| Problem description |
What is needed is an exact copy of all the records, written out in full.

| Data provided |
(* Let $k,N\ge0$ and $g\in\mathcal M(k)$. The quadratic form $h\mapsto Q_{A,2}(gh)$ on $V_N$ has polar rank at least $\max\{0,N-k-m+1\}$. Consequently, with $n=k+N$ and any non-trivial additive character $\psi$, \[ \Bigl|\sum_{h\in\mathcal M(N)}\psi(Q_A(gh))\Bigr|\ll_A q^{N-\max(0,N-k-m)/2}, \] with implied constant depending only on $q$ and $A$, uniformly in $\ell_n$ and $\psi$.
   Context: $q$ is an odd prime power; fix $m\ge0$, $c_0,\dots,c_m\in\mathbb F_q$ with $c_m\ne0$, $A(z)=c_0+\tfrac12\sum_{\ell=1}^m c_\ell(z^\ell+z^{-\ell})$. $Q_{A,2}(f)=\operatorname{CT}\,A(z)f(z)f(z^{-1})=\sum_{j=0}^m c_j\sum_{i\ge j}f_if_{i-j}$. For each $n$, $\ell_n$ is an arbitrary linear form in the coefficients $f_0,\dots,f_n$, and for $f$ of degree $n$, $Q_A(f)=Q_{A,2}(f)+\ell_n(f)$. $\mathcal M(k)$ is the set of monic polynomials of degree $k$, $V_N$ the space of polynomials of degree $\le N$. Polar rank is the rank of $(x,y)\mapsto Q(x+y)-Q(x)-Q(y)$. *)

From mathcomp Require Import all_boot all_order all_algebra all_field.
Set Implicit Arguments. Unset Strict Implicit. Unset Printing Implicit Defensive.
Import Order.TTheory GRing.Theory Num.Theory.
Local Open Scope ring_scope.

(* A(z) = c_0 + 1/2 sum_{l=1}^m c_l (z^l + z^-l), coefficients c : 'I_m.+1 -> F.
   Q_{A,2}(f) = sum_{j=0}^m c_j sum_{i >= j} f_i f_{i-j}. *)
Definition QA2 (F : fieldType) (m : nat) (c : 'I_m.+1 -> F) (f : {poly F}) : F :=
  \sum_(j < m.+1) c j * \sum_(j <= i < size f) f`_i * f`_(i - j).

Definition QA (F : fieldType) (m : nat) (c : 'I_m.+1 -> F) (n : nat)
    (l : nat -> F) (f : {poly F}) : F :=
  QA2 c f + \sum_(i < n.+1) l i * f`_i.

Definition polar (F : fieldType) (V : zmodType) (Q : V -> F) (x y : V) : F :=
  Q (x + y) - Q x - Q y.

| Answer to the problem |
(* Let $k,N\ge0$ and $g\in\mathcal M(k)$. The quadratic form $h\mapsto Q_{A,2}(gh)$ on $V_N$ has polar rank at least $\max\{0,N-k-m+1\}$. Consequently, with $n=k+N$ and any non-trivial additive character $\psi$, \[ \Bigl|\sum_{h\in\mathcal M(N)}\psi(Q_A(gh))\Bigr|\ll_A q^{N-\max(0,N-k-m)/2}, \] with implied constant depending only on $q$ and $A$, uniformly in $\ell_n$ and $\psi$.
   Context: $q$ is an odd prime power; fix $m\ge0$, $c_0,\dots,c_m\in\mathbb F_q$ with $c_m\ne0$, $A(z)=c_0+\tfrac12\sum_{\ell=1}^m c_\ell(z^\ell+z^{-\ell})$. $Q_{A,2}(f)=\operatorname{CT}\,A(z)f(z)f(z^{-1})=\sum_{j=0}^m c_j\sum_{i\ge j}f_if_{i-j}$. For each $n$, $\ell_n$ is an arbitrary linear form in the coefficients $f_0,\dots,f_n$, and for $f$ of degree $n$, $Q_A(f)=Q_{A,2}(f)+\ell_n(f)$. $\mathcal M(k)$ is the set of monic polynomials of degree $k$, $V_N$ the space of polynomials of degree $\le N$. Polar rank is the rank of $(x,y)\mapsto Q(x+y)-Q(x)-Q(y)$. *)

From mathcomp Require Import all_boot all_order all_algebra all_field.
Set Implicit Arguments. Unset Strict Implicit. Unset Printing Implicit Defensive.
Import Order.TTheory GRing.Theory Num.Theory.
Local Open Scope ring_scope.

(* A(z) = c_0 + 1/2 sum_{l=1}^m c_l (z^l + z^-l), coefficients c : 'I_m.+1 -> F.
   Q_{A,2}(f) = sum_{j=0}^m c_j sum_{i >= j} f_i f_{i-j}. *)
Definition QA2 (F : fieldType) (m : nat) (c : 'I_m.+1 -> F) (f : {poly F}) : F :=
  \sum_(j < m.+1) c j * \sum_(j <= i < size f) f`_i * f`_(i - j).

Definition QA (F : fieldType) (m : nat) (c : 'I_m.+1 -> F) (n : nat)
    (l : nat -> F) (f : {poly F}) : F :=
  QA2 c f + \sum_(i < n.+1) l i * f`_i.

Definition polar (F : fieldType) (V : zmodType) (Q : V -> F) (x y : V) : F :=
  Q (x + y) - Q x - Q y.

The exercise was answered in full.